手を握りこみ手首を動かす動作や、押さえた時の痛みが強く、競技後にしばらく疼くようないたみが続き、悪化すると力を入れるだけで激痛が走る様になります。
また症状の度合いによって痛みの出方に違いがあります。
またそれによって運動量を抑えるのか、休止する必要性があるかの判断が変わります。
この判断を間違えると競技休止の可能性もあります。
詳しくは「スポーツ障害の重症度と競技休止の目安」をご覧ください。
【原因】
痛みの原因
内側
内側の骨の出っ張りには、手首を下げる、指を曲げる筋肉がたくさん付いています。
指や手を酷使する事で、骨から引き離されるストレスが加わり炎症や柔軟性の低下が起こり痛みを出します。
野球では投球時のアクセレーション期(加速期)に手が肘より後ろに振られる反動で、内側のじん帯・筋肉に引き伸ばされるストレスがかかることで起きます。
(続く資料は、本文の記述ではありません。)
Lemma sym_pd_descent W (g : 'rV[R]_p) : sym_pd W -> g != 0 ->
  (g *m - (invmx W *m g^T)) 0 0 < 0.
Proof.
move=> W_pd g_neq0; have [sW W_gt0] := W_pd.
set y := (invmx W *m g^T)^T.
have gE : g = y *m W.
  by apply: trmx_inj; rewrite trmx_mul trmxK sW mulKVmx // sym_pd_unitmx.
have y_neq0 : y != 0 by apply: contraNneq g_neq0 => y0; rewrite gE y0 mul0mx.
by rewrite -[invmx W *m g^T]trmxK -/y mulmxN mxE oppr_lt0 {1}gE W_gt0.
Qed.

End PositiveDefinite.

Lemma sym_pd_gauss_newton_mx {R : numFieldType} {p q r}
    {QQ : 'M[R]_q} {RR : 'M[R]_p} {M : 'M[R]_r} (JF : 'M[R]_(p, q)) (JN : 'M[R]_(p, r)) :
  sym_psd QQ -> sym_pd RR -> sym_psd M -> sym_pd (gauss_newton_mx QQ RR M JF JN).
Proof.
move=> [sQ Q_ge0] [sR R_gt0] [sM M_ge0]; split; first exact: tr_gauss_newton_mx.
move=> v v_neq0; rewrite qform_gauss_newton_mx addrAC.
by rewrite ltr_wpDl ?R_gt0 ?addr_ge0.
Qed.

Lemma continuous_mx (R : numFieldType) (T : topologicalType) m n
    (f : T -> 'M[R]_(m, n)) :
  (forall i j, continuous (fun x => f x i j)) -> continuous f.
Proof.
move=> f_cont x A /= [P P_nbhs sPA].
have : \forall y \near x, forall ij : 'I_m * 'I_n, P ij.1 ij.2 (f y ij.1 ij.2).
  by apply: filter_forall => -[i j]; exact: f_cont.
by apply: filterS => y Py; apply: sPA => i j; exact: (Py (i, j)).
Qed.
また意外とボールが手から離れるときに指で押し出す動作でも負担がかかります。
外側
投球の際の内側のゆるみによって外側に押しつぶされるストレスが加わることで骨同士がぶつかり損傷します。
重度になると「離断性骨軟骨炎」を引き起こし、さらに進行すると軟骨が欠け、関節の邪魔をする「関節ねずみ」となりオペが適応となります。
早期の競技休止が必要です。
後側
後の骨には投球時に肘を思い切り伸ばすときの筋肉(上腕三頭筋)がついており、そこに繰り返しひっぱられるストレスが加わることで炎症を起こしたり、骨の一部がはがれることで起こります。
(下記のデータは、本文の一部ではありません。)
(* Let $I$ be a conditional indicator w.r.t. $\mathcal{H}$ whose domain $\mathbb{D}_I$ is $\mathcal{H}$-decomposable. The following are equivalent: (1) $I$ is regular; (2) $I(X1_H)=I(X)1_H$ for all $X\in\mathbb{D}_I$ and $H\in\mathcal{H}$; (3) $I(X1_H+Y1_{\Omega\setminus H})=I(X)1_H+I(Y)1_{\Omega\setminus H}$ for all $X,Y\in\mathbb{D}_I$ and $H\in\mathcal{H}$.
   Context: Let $(\Omega,\mathcal{F},\mathbb{P})$ be a probability space with $\mathcal{F}$ complete, and $\mathcal{H}\subseteq\mathcal{F}$ a complete sub-$\sigma$-algebra. $\overline{\mathbb{R}}=\mathbb{R}\cup\{\pm\infty\}$ with conventions $r\pm\infty=\pm\infty$, $\infty-\infty=0$, $\infty+\infty=\infty$, $0\times(\pm\infty)=0$; $\mathbb{L}^0(G,\mathcal{G})$ is the set of $\mathcal{G}$-measurable random variables a.s. valued in $G$. $\operatorname{ess\,sup}_{\mathcal{H}}(X)$ is the smallest $\mathcal{H}$-measurable random variable dominating $X$ a.s., $\operatorname{ess\,inf}_{\mathcal{H}}(X)=-\operatorname{ess\,sup}_{\mathcal{H}}(-X)$. A conditional indicator w.r.t. $\mathcal{H}$ is a map $I:\mathbb{D}_I\to\mathbb{L}^0(\overline{\mathbb{R}},\mathcal{H})$, $0\in\mathbb{D}_I\subseteq\mathbb{L}^0(\overline{\mathbb{R}},\mathcal{F})$, with $I(X)\in[\operatorname{ess\,inf}_{\mathcal{H}}(X),\operatorname{ess\,sup}_{\mathcal{H}}(X)]$ a.s. and $\mathbb{D}_I+\mathbb{L}^0(\overline{\mathbb{R}},\mathcal{H})\subseteq\mathbb{D}_I$. $\mathbb{D}_I$ is $\mathcal{H}$-decomposable if $X1_H+Y1_{\Omega\setminus H}\in\mathbb{D}_I$ for $X,Y\in\mathbb{D}_I$, $H\in\mathcal{H}$. $I$ is regular if $\mathbb{D}_I$ is $\mathcal{H}$-decomposable and for $X,Y\in\mathbb{D}_I$, $H\in\mathcal{H}$, $X1_H=Y1_H$ implies $I(X)1_H=I(Y)1_H$. *)

From HB Require Import structures.
From mathcomp Require Import all_boot all_order all_algebra.
From mathcomp Require Import all_classical all_reals all_analysis measurable_realfun.
Unset Printing Implicit Defensive.
Import Order.TTheory GRing.Theory Num.Theory.
Local Open Scope classical_set_scope.
Local Open Scope ring_scope.

Section CondIndicator.
Context {d : measure_display} {T : measurableType d} {R : realType}.
Variable P : probability T R.
Local Open Scope ereal_scope.

(* Addition on the extended reals with the paper's conventions:
   r +- oo = +-oo, oo - oo = 0, oo + oo = oo. *)
Definition eaddp (x y : \bar R) : \bar R :=
  match x, y with
  | +oo, -oo => 0
  | -oo, +oo => 0
  | _, _ => x + y
  end.

Definition P_complete := forall N : set T, P.-negligible N -> measurable N.

Definition complete_sub_sigma (Hs : set (set T)) :=
  [/\ sigma_algebra setT Hs, Hs `<=` measurable &
      forall N : set T, P.-negligible N -> Hs N].

Definition Hmeas (Hs : set (set T)) (X : T -> \bar R) :=
  forall B : set (\bar R), measurable B -> Hs (X @^-1` B).

Definition aeeq (X Y : T -> \bar R) := {ae P, forall w, X w = Y w}.
Definition aele (X Y : T -> \bar R) := {ae P, forall w, X w <= Y w}.

Definition is_cesssup (Hs : set (set T)) (X S : T -> \bar R) :=
  [/\ Hmeas Hs S, aele X S &
      forall Z, Hmeas Hs Z -> aele X Z -> aele S Z].

Definition is_cessinf (Hs : set (set T)) (X S : T -> \bar R) :=
  is_cesssup Hs (fun w => - X w) (fun w => - S w).

Definition indm (X : T -> \bar R) (H : set T) : T -> \bar R :=
  fun w => X w * (\1_H w : R)%:E.

Definition hpatch (X Y : T -> \bar R) (H : set T) : T -> \bar R :=
  fun w => eaddp (X w * (\1_H w : R)%:E) (Y w * (\1_(~` H) w : R)%:E).

(* Random variables are modelled as functions; since L^0 consists of
   a.s.-classes, D is required to be saturated for a.s. equality and I to
   be compatible with a.s. equality. *)
Definition cond_indicator (Hs : set (set T)) (D : set (T -> \bar R))
    (I : (T -> \bar R) -> (T -> \bar R)) :=
  [/\ D (fun=> 0),
      (forall X, D X -> measurable_fun setT X),
      (forall X Y, D X -> aeeq X Y -> D Y),
      (forall X Y, D X -> D Y -> aeeq X Y -> aeeq (I X) (I Y)) &
      [/\ (forall X, D X -> Hmeas Hs (I X)),
          (forall X S, D X -> is_cessinf Hs X S -> aele S (I X)),
          (forall X S, D X -> is_cesssup Hs X S -> aele (I X) S) &
          (forall X Z, D X -> Hmeas Hs Z -> D (fun w => eaddp (X w) (Z w)))]].

Definition decomposable (Hs : set (set T)) (D : set (T -> \bar R)) :=
  forall X Y H, D X -> D Y -> Hs H -> D (hpatch X Y H).

Definition regular (Hs : set (set T)) (D : set (T -> \bar R))
    (I : (T -> \bar R) -> (T -> \bar R)) :=
  decomposable Hs D /\
  forall X Y H, D X -> D Y -> Hs H ->
    aeeq (indm X H) (indm Y H) -> aeeq (indm (I X) H) (indm (I Y) H).

End CondIndicator.

From HB Require Import structures.
From mathcomp Require Import all_boot all_order all_algebra.
From mathcomp Require Import all_classical all_reals all_analysis measurable_realfun.
Local Open Scope classical_set_scope.
Import Order.TTheory GRing.Theory Num.Theory.
Local Open Scope ring_scope.

(* Every condition is checked separately on H and on its complement: an
   a.s. identity holds iff it holds after multiplication by 1_H and by
   1_(Omega \ H).  On H, locality (1) says I only sees X 1_H; on the
   complement it only sees 0, and I 0 = 0 a.s. because the constant 0 is its
   own conditional essential infimum and supremum. *)

Section Patching.
Context {d : measure_display} {T : measurableType d} {R : realType}.
Local Open Scope ereal_scope.
Implicit Types (X Y : T -> \bar R) (H : set T).

Lemma indmT X H w : H w -> indm X H w = X w.
Proof. by move=> Hw; rewrite /indm indicE mem_set // mule1. Qed.

Lemma indmN X H w : ~ H w -> indm X H w = 0.
Proof. by move=> Hw; rewrite /indm indicE memNset // mule0. Qed.

Lemma hpatchT X Y H w : H w -> hpatch X Y H w = X w.
Proof.
move=> Hw; rewrite /hpatch !indicE mem_set // memNset; last by [].
by rewrite mule1 mule0; case: (X w) => [r| |] //=; rewrite adde0.
Qed.

Lemma hpatchN X Y H w : ~ H w -> hpatch X Y H w = Y w.
Proof.
move=> Hw; rewrite /hpatch !indicE memNset // mem_set; last by [].
by rewrite mule1 mule0; case: (Y w) => [r| |] //=; rewrite add0e.
Qed.

Lemma indm_cst0 H : indm (cst 0 : T -> \bar R) H = cst 0.
Proof. by apply/funext => w; rewrite /indm /= mul0e. Qed.

Lemma hpatch0 X H : hpatch X (cst 0) H = indm X H.
Proof.
apply/funext => w; have [Hw|Hw] := pselect (H w).
  by rewrite hpatchT // indmT.
by rewrite hpatchN // indmN.
Qed.

Lemma indm_id X H : indm (indm X H) H = indm X H.
Proof.
apply/funext => w; have [Hw|Hw] := pselect (H w).
  by rewrite !indmT.
by rewrite !indmN.
Qed.

Lemma indm_indmC X H : indm (indm X H) (~` H) = cst 0.
Proof.
apply/funext => w; have [Hw|Hw] := pselect (H w).
  by rewrite indmN.
by rewrite indmT // indmN.
Qed.

Lemma indm_hpatchl X Y H : indm (hpatch X Y H) H = indm X H.
Proof.
apply/funext => w; have [Hw|Hw] := pselect (H w).
  by rewrite !indmT // hpatchT.
by rewrite !indmN.
Qed.

Lemma indm_hpatchr X Y H : indm (hpatch X Y H) (~` H) = indm Y (~` H).
Proof.
apply/funext => w; have [Hw|Hw] := pselect (H w).
  by rewrite !indmN.
by rewrite !indmT // hpatchN.
Qed.

Context {P : probability T R}.

Lemma aeeq_sym {X Y} : aeeq P X Y -> aeeq P Y X.
Proof. by apply: filterS => w. Qed.

Lemma aeeq_trans {X Y Z} : aeeq P X Y -> aeeq P Y Z -> aeeq P X Z.
Proof. by apply: filterS2 => w ->. Qed.

Lemma aeeq_indm X Y H : aeeq P X Y -> aeeq P (indm X H) (indm Y H).
Proof. by apply: filterS => w XY; rewrite /indm XY. Qed.

Lemma aeeq_hpatchr X Y Y' H :
  aeeq P Y Y' -> aeeq P (hpatch X Y H) (hpatch X Y' H).
Proof.
apply: filterS => w YY'; have [Hw|Hw] := pselect (H w).
  by rewrite !hpatchT.
by rewrite !hpatchN.
Qed.

Lemma aeeq_indm_setC X Y H :
  aeeq P (indm X H) (indm Y H) -> aeeq P (indm X (~` H)) (indm Y (~` H)) ->
  aeeq P X Y.
Proof.
apply: filterS2 => w eqH eqHC; have [Hw|Hw] := pselect (H w).
  by rewrite -(indmT X _ _ Hw) eqH indmT.
by rewrite -(indmT X (~` H) _ Hw) eqHC indmT.
Qed.

End Patching.

Section ConditionalIndicator.
Context {d : measure_display} {T : measurableType d} {R : realType}.
Local Open Scope ereal_scope.
Implicit Types (X Y : T -> \bar R) (H : set T).

Context {P : probability T R} {Hs : set (set T)} {D : set (T -> \bar R)}.
Context {I : (T -> \bar R) -> (T -> \bar R)}.
Hypothesis Hs_sigma : sigma_algebra setT Hs.
Hypothesis I_cond : cond_indicator P Hs D I.
Hypothesis D_dec : decomposable Hs D.

Lemma sub_sigma_setC H : Hs H -> Hs (~` H).
Proof. by have [_ HsD _] := Hs_sigma; move/HsD; rewrite setTD. Qed.

Lemma Hmeas_cst (c : \bar R) : Hmeas Hs (cst c).
Proof.
have [Hs0 HsD _] := Hs_sigma.
have HsT : Hs setT by have := HsD _ Hs0; rewrite setD0.
by move=> B _; rewrite preimage_cst; case: ifP.
Qed.

Lemma is_cesssup_cst (c : \bar R) : is_cesssup P Hs (cst c) (cst c).
Proof. by split=> [|//|Z _ //]; [exact: Hmeas_cst | exact: aeW]. Qed.

Lemma is_cessinf_cst (c : \bar R) : is_cessinf P Hs (cst c) (cst c).
Proof. exact: is_cesssup_cst (- c). Qed.

Lemma cond_indicator_cst (c : \bar R) : D (cst c) -> aeeq P (I (cst c)) (cst c).
Proof.
move=> Dc; have [_ _ _ _ [_ Iinf Isup _]] := I_cond.
have le_c := Isup _ _ Dc (is_cesssup_cst c).
have ge_c := Iinf _ _ Dc (is_cessinf_cst c).
by apply: filterS2 le_c ge_c => w /= ? ?; apply/le_anti/andP.
Qed.

Lemma cond_indicator0 : aeeq P (I (cst 0)) (cst 0).
Proof. by have [D0 _ _ _ _] := I_cond; apply: cond_indicator_cst. Qed.

Lemma D_indm X H : D X -> Hs H -> D (indm X H).
Proof.
have [D0 _ _ _ _] := I_cond.
by move=> DX HH; rewrite -hpatch0; apply: D_dec.
Qed.

Lemma regular_indm : regular P Hs D I ->
  forall X H, D X -> Hs H -> aeeq P (I (indm X H)) (indm (I X) H).
Proof.
move=> [_ local] X H DX HH; have [D0 _ _ _ _] := I_cond.
have DXH := D_indm _ _ DX HH; have HHC := sub_sigma_setC _ HH.
apply: (aeeq_indm_setC _ _ H); rewrite ?indm_id ?indm_indmC.
  by apply: local => //; rewrite indm_id; apply: aeW.
have I0_HC := aeeq_indm _ _ (~` H) cond_indicator0; rewrite indm_cst0 in I0_HC.
apply: aeeq_trans _ I0_HC.
by apply: local => //; rewrite indm_indmC indm_cst0; apply: aeW.
Qed.

Lemma indm_regular :
  (forall X H, D X -> Hs H -> aeeq P (I (indm X H)) (indm (I X) H)) ->
  regular P Hs D I.
Proof.
move=> I_indm; split=> // X Y H DX DY HH XY; have [_ _ _ I_ae _] := I_cond.
apply: aeeq_trans (aeeq_sym (I_indm _ _ DX HH)) _.
apply: aeeq_trans (I_indm _ _ DY HH).
exact: I_ae (D_indm _ _ DX HH) (D_indm _ _ DY HH) XY.
Qed.

Lemma indm_hpatch :
  (forall X H, D X -> Hs H -> aeeq P (I (indm X H)) (indm (I X) H)) ->
  forall X Y H, D X -> D Y -> Hs H ->
    aeeq P (I (hpatch X Y H)) (hpatch (I X) (I Y) H).
Proof.
move=> I_indm X Y H DX DY HH; have HHC := sub_sigma_setC _ HH.
have DXYH := D_dec _ _ _ DX DY HH.
apply: (aeeq_indm_setC _ _ H); rewrite ?indm_hpatchl ?indm_hpatchr.
  apply: aeeq_trans (aeeq_sym (I_indm _ _ DXYH HH)) _.
  by rewrite indm_hpatchl; apply: I_indm.
apply: aeeq_trans (aeeq_sym (I_indm _ _ DXYH HHC)) _.
by rewrite indm_hpatchr; apply: I_indm.
Qed.

Lemma hpatch_indm :
  (forall X Y H, D X -> D Y -> Hs H ->
     aeeq P (I (hpatch X Y H)) (hpatch (I X) (I Y) H)) ->
  forall X H, D X -> Hs H -> aeeq P (I (indm X H)) (indm (I X) H).
Proof.
move=> I_hpatch X H DX HH; have [D0 _ _ _ _] := I_cond.
rewrite -hpatch0 -(hpatch0 (I X)).
exact: aeeq_trans (I_hpatch _ _ _ DX D0 HH) (aeeq_hpatchr _ _ _ _ cond_indicator0).
Qed.

End ConditionalIndicator.

Theorem mainTheorem15 (d : measure_display) (T : measurableType d)
  (R : realType) (P : probability T R) (Hs : set (set T))
  (D : set (T -> \bar R)) (I : (T -> \bar R) -> (T -> \bar R)) :
  P_complete P -> complete_sub_sigma P Hs ->
  cond_indicator P Hs D I -> decomposable Hs D ->
  (regular P Hs D I <->
     (forall X H, D X -> Hs H -> aeeq P (I (indm X H)) (indm (I X) H))) /\
  ((forall X H, D X -> Hs H -> aeeq P (I (indm X H)) (indm (I X) H)) <->
     (forall X Y H, D X -> D Y -> Hs H ->
        aeeq P (I (hpatch X Y H)) (hpatch (I X) (I Y) H))).
Proof.
move=> _ [Hs_sigma _ _] I_cond D_dec.
split; split.
- exact: regular_indm Hs_sigma I_cond D_dec.
- exact: indm_regular I_cond D_dec.
- exact: indm_hpatch Hs_sigma D_dec.
- exact: hpatch_indm Hs_sigma I_cond.
Qed.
また勢いよく伸ばしきるため肘の骨同士の衝突が起こり痛みが出ます。
ストレスの原因
- 筋肉の柔軟性の低下
- 足のアーチの低下
- 過度な運動量、練習頻度
- 筋力不足
- 運動後のケア不足
- 悪いフォームでの運動
多くの場合、運動量が多すぎることが原因です。
その上、ケアもせず柔軟性がなくなっている子が多くみられます。
普段からの姿勢の悪さがフォームの乱れにつながっている子も多いです。
詳しくはスポーツ障害の原因をご覧ください。
【治療法】
安静
炎症を抑える、損傷部分を修復させるために、スポーツ障害の基本です。
完全休止が必要な場合もありますが、練習メニューを調節して運動量を減らすことが大切です。
詳しくは次項「自己ケア」をご覧ください。
ストレッチ
運動後のケアはもちろん大切ですが、硬くなって機能の落ちてしまった筋肉の柔軟性を上げるためにも行います。
詳しくは「リハビリ」をご覧ください。
野球肘に有効なストレッチは次項「自己ケア」をご覧ください。
テーピング
筋肉の動きをサポートするためや、関節を固定し強制的に安静にするものがあります。
てつ接骨院では固定して、無理やり競技を行うことはお勧めしません。
痛みの除去・軽減をし目的としたピックアップテープ、筋肉の動きをサポートするキネシオテーピング療法を行い、負荷を減らして調整していきます。
固定・テーピングについては「テーピング・包帯法」をご覧ください。
微弱電流療法
微弱電流を使い 患部の炎症を抑え機能を高めるための通電を行います。
また自己治癒力を高める効果もあり早期治癒を目指します。
こちらもご覧ください。「微弱電流療法」
姿勢指導
日頃の姿勢が悪く、特に猫背の人は、投球で肩や肘への負担が増えるため姿勢指導を行います。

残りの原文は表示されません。